● What this task involves: Once you reach the line containing "by rewrite -scalerAr chiM_g scaler0." in the entries below, write out that line and each one after it down to the line containing "Lemma horner_alg_quad (A", exactly and with nothing added.
[Exercise materials — start]
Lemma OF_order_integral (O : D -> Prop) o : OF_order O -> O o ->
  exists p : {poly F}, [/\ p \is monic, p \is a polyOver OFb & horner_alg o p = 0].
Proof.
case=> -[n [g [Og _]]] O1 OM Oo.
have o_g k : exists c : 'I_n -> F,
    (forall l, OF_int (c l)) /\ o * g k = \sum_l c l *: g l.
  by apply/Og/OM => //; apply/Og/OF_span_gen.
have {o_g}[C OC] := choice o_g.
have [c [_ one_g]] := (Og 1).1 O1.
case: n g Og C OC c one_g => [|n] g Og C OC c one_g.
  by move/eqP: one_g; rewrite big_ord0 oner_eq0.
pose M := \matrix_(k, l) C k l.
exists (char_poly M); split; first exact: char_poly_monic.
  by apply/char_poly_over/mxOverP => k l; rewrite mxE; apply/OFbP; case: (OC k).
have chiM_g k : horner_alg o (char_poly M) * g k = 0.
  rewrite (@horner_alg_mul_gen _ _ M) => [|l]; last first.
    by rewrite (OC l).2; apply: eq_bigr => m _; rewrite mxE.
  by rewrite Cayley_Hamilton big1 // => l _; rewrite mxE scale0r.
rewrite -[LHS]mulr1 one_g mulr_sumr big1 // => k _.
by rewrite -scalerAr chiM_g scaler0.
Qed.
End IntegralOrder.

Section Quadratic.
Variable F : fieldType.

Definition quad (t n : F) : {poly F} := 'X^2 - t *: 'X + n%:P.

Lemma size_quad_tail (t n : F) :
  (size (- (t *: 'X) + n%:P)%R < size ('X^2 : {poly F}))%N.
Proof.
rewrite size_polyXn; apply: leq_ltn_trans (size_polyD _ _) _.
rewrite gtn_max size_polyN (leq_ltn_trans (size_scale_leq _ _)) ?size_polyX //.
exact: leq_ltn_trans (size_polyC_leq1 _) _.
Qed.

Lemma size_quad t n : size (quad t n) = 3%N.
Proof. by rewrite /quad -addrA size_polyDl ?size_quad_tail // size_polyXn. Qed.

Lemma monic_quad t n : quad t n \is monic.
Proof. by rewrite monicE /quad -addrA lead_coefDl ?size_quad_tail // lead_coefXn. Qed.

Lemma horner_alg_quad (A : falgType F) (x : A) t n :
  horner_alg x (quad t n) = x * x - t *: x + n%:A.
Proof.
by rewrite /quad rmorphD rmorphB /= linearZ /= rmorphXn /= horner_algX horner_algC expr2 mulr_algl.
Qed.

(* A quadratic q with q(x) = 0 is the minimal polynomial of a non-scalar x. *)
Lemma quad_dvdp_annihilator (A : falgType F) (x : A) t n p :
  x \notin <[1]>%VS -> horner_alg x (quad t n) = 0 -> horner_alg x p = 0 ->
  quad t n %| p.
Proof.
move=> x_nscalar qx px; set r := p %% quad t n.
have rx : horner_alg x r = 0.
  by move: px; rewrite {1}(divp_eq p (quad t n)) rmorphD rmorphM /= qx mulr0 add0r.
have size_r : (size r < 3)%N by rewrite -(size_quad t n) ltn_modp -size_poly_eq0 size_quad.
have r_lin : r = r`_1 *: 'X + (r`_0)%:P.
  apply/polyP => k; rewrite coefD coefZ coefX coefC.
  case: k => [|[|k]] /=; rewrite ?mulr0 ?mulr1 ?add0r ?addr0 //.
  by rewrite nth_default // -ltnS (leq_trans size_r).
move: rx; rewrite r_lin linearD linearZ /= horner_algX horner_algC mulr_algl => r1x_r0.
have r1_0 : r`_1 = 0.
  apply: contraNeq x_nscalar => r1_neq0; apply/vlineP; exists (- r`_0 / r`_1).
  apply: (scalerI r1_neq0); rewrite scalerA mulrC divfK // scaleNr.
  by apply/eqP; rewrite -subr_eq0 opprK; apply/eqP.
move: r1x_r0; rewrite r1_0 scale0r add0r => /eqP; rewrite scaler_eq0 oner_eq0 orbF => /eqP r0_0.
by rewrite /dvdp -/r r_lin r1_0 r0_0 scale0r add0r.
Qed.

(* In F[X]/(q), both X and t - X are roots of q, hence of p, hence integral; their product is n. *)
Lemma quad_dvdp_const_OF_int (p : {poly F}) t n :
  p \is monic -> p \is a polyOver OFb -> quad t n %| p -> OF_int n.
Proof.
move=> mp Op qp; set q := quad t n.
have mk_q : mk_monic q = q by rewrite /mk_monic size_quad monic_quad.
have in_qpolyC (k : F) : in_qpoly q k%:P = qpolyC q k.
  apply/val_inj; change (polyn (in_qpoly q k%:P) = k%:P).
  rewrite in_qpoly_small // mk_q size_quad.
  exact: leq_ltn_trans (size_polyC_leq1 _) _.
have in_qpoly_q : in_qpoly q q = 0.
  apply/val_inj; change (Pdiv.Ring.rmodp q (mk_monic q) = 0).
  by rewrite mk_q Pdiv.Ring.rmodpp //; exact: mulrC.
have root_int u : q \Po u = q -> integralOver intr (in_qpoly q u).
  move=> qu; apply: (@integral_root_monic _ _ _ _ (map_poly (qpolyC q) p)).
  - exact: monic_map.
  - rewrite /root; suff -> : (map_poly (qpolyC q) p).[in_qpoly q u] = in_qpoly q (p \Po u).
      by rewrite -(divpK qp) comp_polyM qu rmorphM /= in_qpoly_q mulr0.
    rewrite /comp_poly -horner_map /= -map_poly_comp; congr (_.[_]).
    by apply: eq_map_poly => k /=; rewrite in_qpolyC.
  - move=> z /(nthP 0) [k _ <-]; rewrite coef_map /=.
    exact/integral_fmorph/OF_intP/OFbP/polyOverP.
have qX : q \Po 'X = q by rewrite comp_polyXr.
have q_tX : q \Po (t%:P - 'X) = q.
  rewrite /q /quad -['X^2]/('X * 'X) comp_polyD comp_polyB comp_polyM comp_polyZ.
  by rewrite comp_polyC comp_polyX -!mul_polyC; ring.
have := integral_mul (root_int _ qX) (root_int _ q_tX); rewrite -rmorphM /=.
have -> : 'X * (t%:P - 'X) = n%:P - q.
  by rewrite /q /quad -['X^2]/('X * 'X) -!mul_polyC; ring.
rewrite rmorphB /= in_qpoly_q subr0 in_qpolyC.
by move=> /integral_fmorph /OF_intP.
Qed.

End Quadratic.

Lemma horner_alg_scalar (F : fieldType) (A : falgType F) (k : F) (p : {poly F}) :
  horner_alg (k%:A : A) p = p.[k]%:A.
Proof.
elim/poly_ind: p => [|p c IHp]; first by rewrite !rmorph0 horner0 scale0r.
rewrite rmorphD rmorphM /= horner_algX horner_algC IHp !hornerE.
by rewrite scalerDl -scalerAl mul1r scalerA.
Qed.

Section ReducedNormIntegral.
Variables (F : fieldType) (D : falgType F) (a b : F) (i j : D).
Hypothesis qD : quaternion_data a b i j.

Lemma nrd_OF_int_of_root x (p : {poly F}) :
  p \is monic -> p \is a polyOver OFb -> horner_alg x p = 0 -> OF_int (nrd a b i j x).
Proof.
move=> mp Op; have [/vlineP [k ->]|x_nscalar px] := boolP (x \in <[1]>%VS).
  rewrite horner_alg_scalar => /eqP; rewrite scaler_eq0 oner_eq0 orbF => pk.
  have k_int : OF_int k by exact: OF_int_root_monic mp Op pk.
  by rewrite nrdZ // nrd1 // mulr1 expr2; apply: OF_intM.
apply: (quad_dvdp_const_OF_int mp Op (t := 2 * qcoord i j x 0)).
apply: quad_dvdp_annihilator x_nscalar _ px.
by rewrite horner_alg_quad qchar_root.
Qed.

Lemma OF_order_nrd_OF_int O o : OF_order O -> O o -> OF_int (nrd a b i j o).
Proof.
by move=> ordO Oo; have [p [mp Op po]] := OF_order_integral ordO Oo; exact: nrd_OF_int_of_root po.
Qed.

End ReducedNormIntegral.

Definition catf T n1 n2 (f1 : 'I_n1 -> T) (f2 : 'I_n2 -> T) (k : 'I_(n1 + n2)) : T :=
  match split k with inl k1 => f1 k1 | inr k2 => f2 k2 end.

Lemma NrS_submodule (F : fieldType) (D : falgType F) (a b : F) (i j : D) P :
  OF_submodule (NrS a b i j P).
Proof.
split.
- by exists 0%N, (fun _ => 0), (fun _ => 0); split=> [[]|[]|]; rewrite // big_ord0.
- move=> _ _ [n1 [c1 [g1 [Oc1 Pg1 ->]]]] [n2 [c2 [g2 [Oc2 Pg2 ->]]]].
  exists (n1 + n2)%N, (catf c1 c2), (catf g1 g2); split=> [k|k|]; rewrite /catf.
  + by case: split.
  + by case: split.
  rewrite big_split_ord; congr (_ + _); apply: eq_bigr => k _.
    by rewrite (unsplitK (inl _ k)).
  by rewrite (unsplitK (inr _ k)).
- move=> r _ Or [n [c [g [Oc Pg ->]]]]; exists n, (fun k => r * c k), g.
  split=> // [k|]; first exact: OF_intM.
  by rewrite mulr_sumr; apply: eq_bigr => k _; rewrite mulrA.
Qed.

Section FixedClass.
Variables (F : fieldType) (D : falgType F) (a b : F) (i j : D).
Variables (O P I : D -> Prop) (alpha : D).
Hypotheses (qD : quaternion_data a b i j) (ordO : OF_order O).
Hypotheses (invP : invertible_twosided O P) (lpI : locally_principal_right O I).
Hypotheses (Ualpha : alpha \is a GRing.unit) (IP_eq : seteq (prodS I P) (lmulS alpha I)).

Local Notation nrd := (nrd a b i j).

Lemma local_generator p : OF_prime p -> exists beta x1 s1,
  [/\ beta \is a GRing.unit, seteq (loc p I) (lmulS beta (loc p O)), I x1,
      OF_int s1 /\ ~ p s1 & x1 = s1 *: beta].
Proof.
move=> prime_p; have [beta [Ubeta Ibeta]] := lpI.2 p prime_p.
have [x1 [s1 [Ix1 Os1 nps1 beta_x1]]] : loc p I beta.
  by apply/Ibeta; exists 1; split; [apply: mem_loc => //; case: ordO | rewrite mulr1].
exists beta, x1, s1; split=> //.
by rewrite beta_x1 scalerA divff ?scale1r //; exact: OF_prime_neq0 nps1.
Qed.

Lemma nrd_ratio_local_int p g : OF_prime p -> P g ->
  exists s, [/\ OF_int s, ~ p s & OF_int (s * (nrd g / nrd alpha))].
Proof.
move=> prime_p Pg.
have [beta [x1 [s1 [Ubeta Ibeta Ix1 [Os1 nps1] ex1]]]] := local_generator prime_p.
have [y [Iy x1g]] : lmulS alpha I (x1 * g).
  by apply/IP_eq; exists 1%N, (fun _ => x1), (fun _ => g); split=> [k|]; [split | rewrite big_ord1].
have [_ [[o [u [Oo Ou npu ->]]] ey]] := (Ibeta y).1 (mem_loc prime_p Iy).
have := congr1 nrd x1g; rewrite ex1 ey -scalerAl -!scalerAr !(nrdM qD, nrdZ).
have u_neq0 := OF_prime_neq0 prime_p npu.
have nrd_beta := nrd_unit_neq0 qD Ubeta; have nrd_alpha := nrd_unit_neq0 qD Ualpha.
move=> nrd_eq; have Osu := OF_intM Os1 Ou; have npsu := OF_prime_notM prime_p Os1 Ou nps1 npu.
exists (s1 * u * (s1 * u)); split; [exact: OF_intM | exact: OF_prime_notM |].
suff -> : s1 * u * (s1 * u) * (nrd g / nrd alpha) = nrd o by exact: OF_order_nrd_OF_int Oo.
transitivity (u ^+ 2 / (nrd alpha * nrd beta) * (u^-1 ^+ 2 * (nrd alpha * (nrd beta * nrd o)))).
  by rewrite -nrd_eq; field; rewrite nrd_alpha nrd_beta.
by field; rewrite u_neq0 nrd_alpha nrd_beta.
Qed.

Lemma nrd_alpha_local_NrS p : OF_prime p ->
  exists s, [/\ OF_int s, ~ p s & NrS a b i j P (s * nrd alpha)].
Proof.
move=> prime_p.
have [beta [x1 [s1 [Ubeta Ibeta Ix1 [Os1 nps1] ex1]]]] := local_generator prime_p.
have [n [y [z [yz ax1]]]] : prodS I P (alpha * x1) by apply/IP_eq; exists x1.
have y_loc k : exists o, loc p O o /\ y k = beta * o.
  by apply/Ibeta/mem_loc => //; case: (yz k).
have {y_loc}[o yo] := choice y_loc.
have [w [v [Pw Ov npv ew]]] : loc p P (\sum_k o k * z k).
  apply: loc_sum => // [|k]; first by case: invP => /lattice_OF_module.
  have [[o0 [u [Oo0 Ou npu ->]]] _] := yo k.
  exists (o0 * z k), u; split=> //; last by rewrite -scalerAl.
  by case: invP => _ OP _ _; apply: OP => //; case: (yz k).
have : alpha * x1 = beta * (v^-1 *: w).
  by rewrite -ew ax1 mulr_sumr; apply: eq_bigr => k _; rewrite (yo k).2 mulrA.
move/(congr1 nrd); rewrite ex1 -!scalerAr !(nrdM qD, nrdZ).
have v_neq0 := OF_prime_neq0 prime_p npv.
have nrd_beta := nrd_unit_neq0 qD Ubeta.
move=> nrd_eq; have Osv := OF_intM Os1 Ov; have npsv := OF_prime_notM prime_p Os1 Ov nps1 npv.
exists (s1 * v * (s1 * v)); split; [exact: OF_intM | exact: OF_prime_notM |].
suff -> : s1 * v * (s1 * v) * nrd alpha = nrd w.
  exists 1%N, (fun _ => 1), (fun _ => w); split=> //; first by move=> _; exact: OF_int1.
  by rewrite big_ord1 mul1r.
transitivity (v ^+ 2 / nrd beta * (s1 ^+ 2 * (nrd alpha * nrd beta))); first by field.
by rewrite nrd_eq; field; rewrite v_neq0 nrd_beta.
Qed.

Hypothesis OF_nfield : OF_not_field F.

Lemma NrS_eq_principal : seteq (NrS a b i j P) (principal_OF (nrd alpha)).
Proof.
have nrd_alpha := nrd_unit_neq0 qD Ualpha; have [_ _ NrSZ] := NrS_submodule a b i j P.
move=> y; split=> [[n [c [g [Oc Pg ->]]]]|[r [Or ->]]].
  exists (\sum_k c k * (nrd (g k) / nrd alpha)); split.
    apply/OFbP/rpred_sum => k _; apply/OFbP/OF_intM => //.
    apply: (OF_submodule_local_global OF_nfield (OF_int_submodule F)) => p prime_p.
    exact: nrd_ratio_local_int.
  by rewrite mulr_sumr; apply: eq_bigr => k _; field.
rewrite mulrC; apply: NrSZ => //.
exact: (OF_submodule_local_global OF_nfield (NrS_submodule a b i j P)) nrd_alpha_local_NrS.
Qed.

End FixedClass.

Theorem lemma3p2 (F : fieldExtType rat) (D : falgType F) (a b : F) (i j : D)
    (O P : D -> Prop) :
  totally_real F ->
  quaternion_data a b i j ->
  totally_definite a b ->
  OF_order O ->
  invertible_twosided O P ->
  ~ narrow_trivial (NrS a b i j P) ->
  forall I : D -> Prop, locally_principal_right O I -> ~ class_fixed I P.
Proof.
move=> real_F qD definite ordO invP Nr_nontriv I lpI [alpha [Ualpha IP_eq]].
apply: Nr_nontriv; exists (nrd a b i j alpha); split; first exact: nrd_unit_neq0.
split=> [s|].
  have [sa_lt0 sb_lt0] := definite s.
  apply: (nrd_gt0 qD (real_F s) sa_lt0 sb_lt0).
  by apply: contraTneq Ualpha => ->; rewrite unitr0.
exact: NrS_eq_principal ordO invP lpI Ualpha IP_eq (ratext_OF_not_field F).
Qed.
[Exercise materials — finish]
● Answer:
by rewrite -scalerAr chiM_g scaler0.
Qed.
End IntegralOrder.

Section Quadratic.
Variable F : fieldType.

Definition quad (t n : F) : {poly F} := 'X^2 - t *: 'X + n%:P.

Lemma size_quad_tail (t n : F) :
  (size (- (t *: 'X) + n%:P)%R < size ('X^2 : {poly F}))%N.
Proof.
rewrite size_polyXn; apply: leq_ltn_trans (size_polyD _ _) _.
rewrite gtn_max size_polyN (leq_ltn_trans (size_scale_leq _ _)) ?size_polyX //.
exact: leq_ltn_trans (size_polyC_leq1 _) _.
Qed.

Lemma size_quad t n : size (quad t n) = 3%N.
Proof. by rewrite /quad -addrA size_polyDl ?size_quad_tail // size_polyXn. Qed.

Lemma monic_quad t n : quad t n \is monic.
Proof. by rewrite monicE /quad -addrA lead_coefDl ?size_quad_tail // lead_coefXn. Qed.

Lemma horner_alg_quad (A : falgType F) (x : A) t n :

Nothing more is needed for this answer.